Where a line of the data below has the string "Arguments", copy that line.

(Saved entries)
'''

(* Let the perturbation parameters $\delta_i^j\ge0$ satisfy $0<\delta^1\le\delta^2\le\dots\le\delta^S$, where $\delta^j:=\sum_{i=1}^C\delta_i^j$. Let $t\mapsto\zeta(t)=(\xi(t),\eta(t))$, $t\in I$, be a solution of $(\mathrm P_\delta)$ such that for all $t\in I$: $\epsilon(t)\neq0$; $n^j(t)\neq0$ and $V^j(t)>0$ for $j=1,\dots,S$; $L^j(t)>0$ and $f_{\mathrm{holdup}}'(L^j(t))\neq0$ for $j=1,\dots,S-1$; and $\partial_Tf_{\mathrm{hl}}(T^j(t),\mathbf x^j(t))\neq0$ for $j=1,\dots,S$. Then the Jacobian $D_\eta g_\delta(\zeta(t))$ is non-singular for every $t\in I$. Moreover, along the solution, $\sum_{i=1}^Cy_i^j=1+\delta^j-\frac{1}{V^j}\Big(\sum_{k=1}^{j}L^k\delta^k-\sum_{k=1}^{j-1}V^k(\delta^k-\delta^{k+1})\Big)$ for $j=1,\dots,S-1$, and $\sum_{i=1}^Cy_i^S=1+\delta^S-\frac{1}{\epsilon V^S}\Big(\sum_{k=1}^{S-1}L^k\delta^k-\sum_{k=1}^{S-1}V^k(\delta^k-\delta^{k+1})\Big)$.
   Context: Fix integers $S\ge 2$, $C\ge 2$ and an interval $I\subset\mathbb R$. Given are continuously differentiable real functions $f_{\mathrm{vle},i}(P,T,\mathbf x)$ ($i=1,\dots,C$), $f_{\mathrm{hl}}(T,\mathbf x)$, $f_{\mathrm{hv}}(T,\mathbf y)$, $f_{\mathrm{holdup}}(L)$. Controls are continuously differentiable real functions $\epsilon,P,Q,T^{\mathrm{cond}}$ on $I$. State variables: $n^j,H^j,T^j,V^j$, $\mathbf x^j,\mathbf y^j\in\mathbb R^C$ ($j=1,\dots,S$), $L^j$ ($j=1,\dots,S-1$); a solution is a tuple of continuously differentiable state functions satisfying all equations at every $t\in I$. ''$2\le j\le S-1$'' marks middle-stage equations. For parameters $\delta_i^j\ge0$, the system $(\mathrm P_\delta)$ consists of: (TM) $\dot n^1=L^1-V^1$; $\dot n^j=L^j-V^j-L^{j-1}+V^{j-1}$ ($2\le j\le S-1$); $\dot n^S=-\epsilon V^S-L^{S-1}+V^{S-1}$; (CM$_\delta$) for $i=1,\dots,C-1$: $\dot x_i^1=\big(L^1(x_i^2-x_i^1-\delta_i^1)-V^1(y_i^1-x_i^1-\delta_i^1)\big)/n^1$; $\dot x_i^j=\big(L^j(x_i^{j+1}-x_i^j-\delta_i^j)-V^j(y_i^j-x_i^j-\delta_i^j)+V^{j-1}(y_i^{j-1}-x_i^j-\delta_i^j)\big)/n^j$ ($2\le j\le S-1$); $\dot x_i^S=\big(\epsilon V^S(x_i^S+\delta_i^S-y_i^S)+V^{S-1}(y_i^{S-1}-x_i^S-\delta_i^S)\big)/n^S$; (EB) $\dot H^1=L^1f_{\mathrm{hl}}(T^2,\mathbf x^2)-V^1f_{\mathrm{hv}}(T^1,\mathbf y^1)+Q$; $\dot H^j=L^jf_{\mathrm{hl}}(T^{j+1},\mathbf x^{j+1})-V^jf_{\mathrm{hv}}(T^j,\mathbf y^j)-L^{j-1}f_{\mathrm{hl}}(T^j,\mathbf x^j)+V^{j-1}f_{\mathrm{hv}}(T^{j-1},\mathbf y^{j-1})$ ($2\le j\le S-1$); $\dot H^S=(1-\epsilon)V^Sf_{\mathrm{hl}}(T^{\mathrm{cond}},\mathbf y^S)-V^Sf_{\mathrm{hv}}(T^S,\mathbf y^S)-L^{S-1}f_{\mathrm{hl}}(T^S,\mathbf x^S)+V^{S-1}f_{\mathrm{hv}}(T^{S-1},\mathbf y^{S-1})$; and the algebraic equations $g_\delta=0$, where $\mathrm{aux}^1_\delta=\sum_{i=1}^C\big(L^1(x_i^2-x_i^1-\delta_i^1)-V^1(y_i^1-x_i^1-\delta_i^1)\big)/n^1$; for $2\le j\le S-1$, $\mathrm{aux}^j_\delta=\sum_{i=1}^C\big(L^j(x_i^{j+1}-x_i^j-\delta_i^j)-V^j(y_i^j-x_i^j-\delta_i^j)+V^{j-1}(y_i^{j-1}-x_i^j-\delta_i^j)\big)/n^j$; $\mathrm{aux}^S_\delta=\sum_{i=1}^C\big(\epsilon V^S(x_i^S+\delta_i^S-y_i^S)+V^{S-1}(y_i^{S-1}-x_i^S-\delta_i^S)\big)/n^S$; $\mathrm{ydef}_i^j=y_i^j-f_{\mathrm{vle},i}(P,T^j,\mathbf x^j)$; $\mathrm{edef}^j=H^j-n^jf_{\mathrm{hl}}(T^j,\mathbf x^j)$; $\mathrm{xsum}^j=x_C^j-1+\sum_{i=1}^{C-1}x_i^j$; $\mathrm{hold}^j=n^j-f_{\mathrm{holdup}}(L^{j-1})$ ($j=2,\dots,S$); collected as $g_\delta=(\mathrm{aux}^S_\delta,\dots,\mathrm{aux}^1_\delta,\mathbf{ydef}^1,\dots,\mathbf{ydef}^S,\mathrm{edef}^1,\dots,\mathrm{edef}^S,\mathrm{xsum}^1,\dots,\mathrm{xsum}^S,\mathrm{hold}^2,\dots,\mathrm{hold}^S)$ with $\mathbf{ydef}^j=(\mathrm{ydef}^j_1,\dots,\mathrm{ydef}^j_C)$. Differential variables $\xi=(n^1,\dots,n^S,\hat{\mathbf x}^1,\dots,\hat{\mathbf x}^S,H^1,\dots,H^S)$, $\hat{\mathbf x}^j=(x_1^j,\dots,x_{C-1}^j)$; algebraic variables $\eta=(V^S,\dots,V^1,\mathbf y^1,\dots,\mathbf y^S,T^1,\dots,T^S,x_C^1,\dots,x_C^S,L^1,\dots,L^{S-1})$. $D_\eta g_\delta$ is the Jacobian of $g_\delta$ with respect to $\eta$ (with $\xi$ and the controls held fixed). *)

From HB Require Import structures.
From mathcomp Require Import all_boot all_order all_algebra.
From mathcomp Require Import all_classical all_reals all_analysis.
Set Implicit Arguments. Unset Strict Implicit. Unset Printing Implicit Defensive.
Import Order.TTheory GRing.Theory Num.Theory.
Import numFieldNormedType.Exports.
Local Open Scope ring_scope.
Local Open Scope classical_set_scope.

(* f' is the derivative of f on the set I, the difference quotient being
   taken within I (one-sided at endpoints of an interval). *)
Definition deriv_on {R : realType} (I : set R) (f f' : R -> R) : Prop :=
  forall t, I t ->
    (fun h : R => h^-1 * (f (t + h) - f t)) @ within [set h | I (t + h)] (0 : R)^'
      --> f' t.

Definition C1_on {R : realType} (I : set R) (f : R -> R) : Prop :=
  exists f', deriv_on I f f' /\ {within I, continuous f'}.

Definition C1 {R : realType} {V : normedModType R} (f : V -> R) : Prop :=
  (forall p, differentiable f p) /\ (forall v : V, continuous (fun p => 'd f p v)).

(* Stages are indexed by nat j = 1..S, components by nat i = 1..C.       *)

Unset Implicit Arguments.
Section Model.
Variables (R : realType) (S C : nat).

Record state := State {
  st_n : nat -> R; st_H : nat -> R; st_T : nat -> R; st_V : nat -> R;
  st_L : nat -> R; st_x : nat -> nat -> R; st_y : nat -> nat -> R }.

'''

> WRITTEN ANSWER:
Set Implicit Arguments. Unset Strict Implicit. Unset Printing Implicit Defensive.
Unset Implicit Arguments.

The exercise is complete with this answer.